Where a line in the records below includes "Local", pull that line out.

[Stored items]
---+---

(* Let $\sigma=\mathbb{L}(p_1,q_1;\dots;p_r,q_r)\in B_{P_r+Q_r}$ be a Lorenz braid. Index the rows of an $(P_r+Q_r)\times(P_r+Q_r)$ matrix by consecutive blocks of sizes $q_1,\dots,q_r,p_1,\dots,p_r$ (in this order) and its columns by consecutive blocks of sizes $p_1,q_1,p_2,q_2,\dots,p_r,q_r$ (in this order). Then $\beta_{P_r+Q_r}(\sigma)$ is the matrix whose blocks are as follows (with $P_0=0$): <ul> <li>for $1\le i\le r$, in the row block of size $q_i$: the block in column block $p_j$ is $t^{P_{j-1}}A_{q_i,p_j}$ if $j\le i$ and $0$ if $j>i$; the block in column block $q_j$ is $t^{P_i}I_{q_i}$ if $j=i$ and $0$ otherwise;</li> <li>for $1\le i\le r$, in the row block of size $p_i$: the block in column block $p_i$ is $I_{p_i}$, and all other blocks are $0$.</li> </ul> Here $A_{q,p}$ is the $q\times p$ matrix all of whose rows equal $(1-t)(1,t,t^2,\dots,t^{p-1})$. That is, \[ \beta_{P_r+Q_r}(\sigma)=\left(\begin{array}{cc|cc|c|cc} A_{q_1,p_1}&t^{P_1}I_{q_1}&0&0&\cdots&0&0\\ A_{q_2,p_1}&0&t^{P_1}A_{q_2,p_2}&t^{P_2}I_{q_2}&\cdots&0&0\\ \vdots&\vdots&\vdots&\vdots&&\vdots&\vdots\\ A_{q_r,p_1}&0&t^{P_1}A_{q_r,p_2}&0&\cdots&t^{P_{r-1}}A_{q_r,p_r}&t^{P_r}I_{q_r}\\\hline I_{p_1}&0&0&0&\cdots&0&0\\ 0&0&I_{p_2}&0&\cdots&0&0\\ \vdots&\vdots&\vdots&\vdots&&\vdots&\vdots\\ 0&0&0&0&\cdots&I_{p_r}&0 \end{array}\right). \]
   Context: Braid group $B_n$: generators $\sigma_1,\dots,\sigma_{n-1}$ with the usual braid relations; $\sigma_i$ is the diagram in which the strand from the $i$-th top point to the $(i+1)$-th bottom point passes over the strand from the $(i+1)$-th top point to the $i$-th bottom point, and products correspond to stacking diagrams, the first factor on top. The Burau representation $\beta_n:B_n\to\mathrm{GL}_n(\mathbb{Z}[t,t^{-1}])$ is the homomorphism with $\beta_n(\sigma_j)=I_{j-1}\oplus\begin{pmatrix}1-t&t\\1&0\end{pmatrix}\oplus I_{n-j-1}$. Lorenz braid: given $r\ge1$ and positive integers $p_1,q_1,\dots,p_r,q_r$, set $P_j=p_1+\cdots+p_j$, $Q_j=q_1+\cdots+q_j$. $\mathbb{L}(p_1,q_1;\dots;p_r,q_r)$ is the braid on $P_r+Q_r$ strands defined by: the top row is split into a left part of $Q_r$ points and a right part of $P_r$ points; the bottom row is split, from left to right, into consecutive parts of sizes $p_1,q_1,p_2,q_2,\dots,p_r,q_r$ ($p$-parts and $q$-parts); the strands from the left top part are joined, in order, to the points of the $q$-parts, and the strands from the right top part are joined, in order, to the points of the $p$-parts (straight segments); at each crossing the strand from the left top part passes over the strand from the right top part, so the braid is positive. *)

From mathcomp Require Import all_boot all_order all_algebra.
Set Implicit Arguments. Unset Strict Implicit. Unset Printing Implicit Defensive.
Import GRing.Theory.
Local Open Scope ring_scope.
Definition improvement {R : realType} {E : finType} {N : nat}
    (ft : 'I_N -> E -> profile E N -> R) (eps1 : R)
    (p : profile E N) (b : 'I_N -> {set E}) (i : 'I_N) : R :=
  Cind ft i p - eps1 * Cind ft i (upd p i (b i)).

Section Game.
Context {R : realType} {E : finType} {N : nat} {P : 'I_N -> {set {set E}}}.
Context {f ft : 'I_N -> E -> profile E N -> R} {C : profile E N -> R}.
Context {rho eps lam mu : R}.
Hypothesis rho_ge0 : 0 <= rho.
Hypothesis eps_gt0 : 0 < eps.
Hypothesis eps_lt1 : eps < 1.
Hypothesis lam_ge0 : 0 <= lam.
Hypothesis C_ge0 : forall p, 0 <= C p.
Hypothesis share_sum : forall p, valid P p -> \sum_(i < N) Cind f i p = C p.
Hypothesis ft_approx : forall i e p, valid P p ->
  (1 - eps) * f i e p <= ft i e p /\ ft i e p <= (1 + eps) * f i e p.
Hypothesis f_smooth : smooth P C f lam mu.

Local Notation eps1 := ((1 + eps) / (1 - eps)).
Local Notation K := (1 - rho * eps1 ^+ 2 * mu).
Local Notation delta := (improvement ft eps1).
Local Notation approx_best_responses := (approx_best_responses P ft rho).

Lemma eps1K : eps1 * (1 - eps) = 1 + eps.
Proof. by rewrite divfK // subr_eq0 gt_eqF. Qed.

Lemma eps1_ge1 : 1 <= eps1.
Proof.
rewrite ler_pdivlMr ?subr_gt0 // mul1r lerD2l.
by rewrite (le_trans _ (ltW eps_gt0)) // oppr_le0 ltW.
Qed.

Lemma eps1_gt0 : 0 < eps1.
Proof. by apply: divr_gt0; [apply: addr_gt0 | rewrite subr_gt0]. Qed.

Lemma Cind_approx i {p} : valid P p ->
  (1 - eps) * Cind f i p <= Cind ft i p /\ Cind ft i p <= (1 + eps) * Cind f i p.
Proof.
by move=> vp; rewrite /Cind !mulr_sumr; split; apply: ler_sum => e _; case: (ft_approx i e p vp).
Qed.

Lemma smooth_lam_mu_ge1 {p} : valid P p -> 0 < C p -> 1 <= lam + mu.
Proof.
move=> vp Cp_gt0; have := f_smooth p p vp vp.
under eq_bigr do rewrite upd_id.
by rewrite share_sum // -mulrDl -[X in X <= _]mul1r ler_pM2r.
Qed.

Lemma sum_improvement_ge {p p' b} : valid P p -> valid P p' -> approx_best_responses p b ->
  (1 - eps) * (K * C p - rho * eps1 ^+ 2 * lam * C p') <= \sum_(i < N) delta p b i.
Proof.
move=> vp vp' br; rewrite /improvement sumrB -mulr_sumr.
have ft_ge : (1 - eps) * C p <= \sum_(i < N) Cind ft i p.
  by rewrite -share_sum // mulr_sumr ler_sum // => i _; case: (Cind_approx i vp).
have ft_br_le : \sum_(i < N) Cind ft i (upd p i (b i)) <=
                rho * (1 + eps) * (lam * C p' + mu * C p).
  (* Compare each best response with the deviation to p' i, then apply smoothness. *)
  apply: (@le_trans _ _ (\sum_(i < N) rho * ((1 + eps) * Cind f i (upd p i (p' i))))).
    apply: ler_sum => i _; apply: le_trans ((br i).2 _ (vp' i)) _.
    by apply: ler_wpM2l => //; case: (Cind_approx i (valid_upd vp (vp' i))).
  rewrite -mulr_sumr -mulr_sumr mulrA; apply: ler_wpM2l; last exact: f_smooth p p' vp vp'.
  by rewrite mulr_ge0 // addr_ge0 // ltW.
have -> : (1 - eps) * (K * C p - rho * eps1 ^+ 2 * lam * C p') =
          (1 - eps) * C p - eps1 * (rho * (1 + eps) * (lam * C p' + mu * C p)).
  by field; rewrite subr_eq0 gt_eqF.
exact: lerB ft_ge (ler_wpM2l (ltW eps1_gt0) ft_br_le).
Qed.

Lemma sum_improvement_gt0 {p p' b} : valid P p -> valid P p' -> approx_best_responses p b ->
  2 * rho * eps1 ^+ 2 * lam * C p' < K * C p -> 0 < \sum_(i < N) delta p b i.
Proof.
move=> vp vp' br far; apply: lt_le_trans (sum_improvement_ge vp vp' br).
have z_ge0 : 0 <= rho * eps1 ^+ 2 * lam * C p'.
  exact: mulr_ge0 (mulr_ge0 (mulr_ge0 rho_ge0 (exprn_ge0 2 (ltW eps1_gt0))) lam_ge0) _.
rewrite mulr_gt0 ?subr_gt0 //; lra.
Qed.

Context {Phi : profile E N -> R} {A B : R}.
Hypothesis Phi_potential : is_potential P f Phi.
Hypothesis Phi_bounded : bounded_potential P C Phi A B.

Lemma bounded_potential_A_gt0 : 0 < A.
Proof. by case: Phi_bounded => A_ge1 _; exact: lt_le_trans ltr01 A_ge1. Qed.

---+---

(Output for this task)
Local Open Scope ring_scope.
Local Notation eps1 := ((1 + eps) / (1 - eps)).
Local Notation K := (1 - rho * eps1 ^+ 2 * mu).
Local Notation delta := (improvement ft eps1).
Local Notation approx_best_responses := (approx_best_responses P ft rho).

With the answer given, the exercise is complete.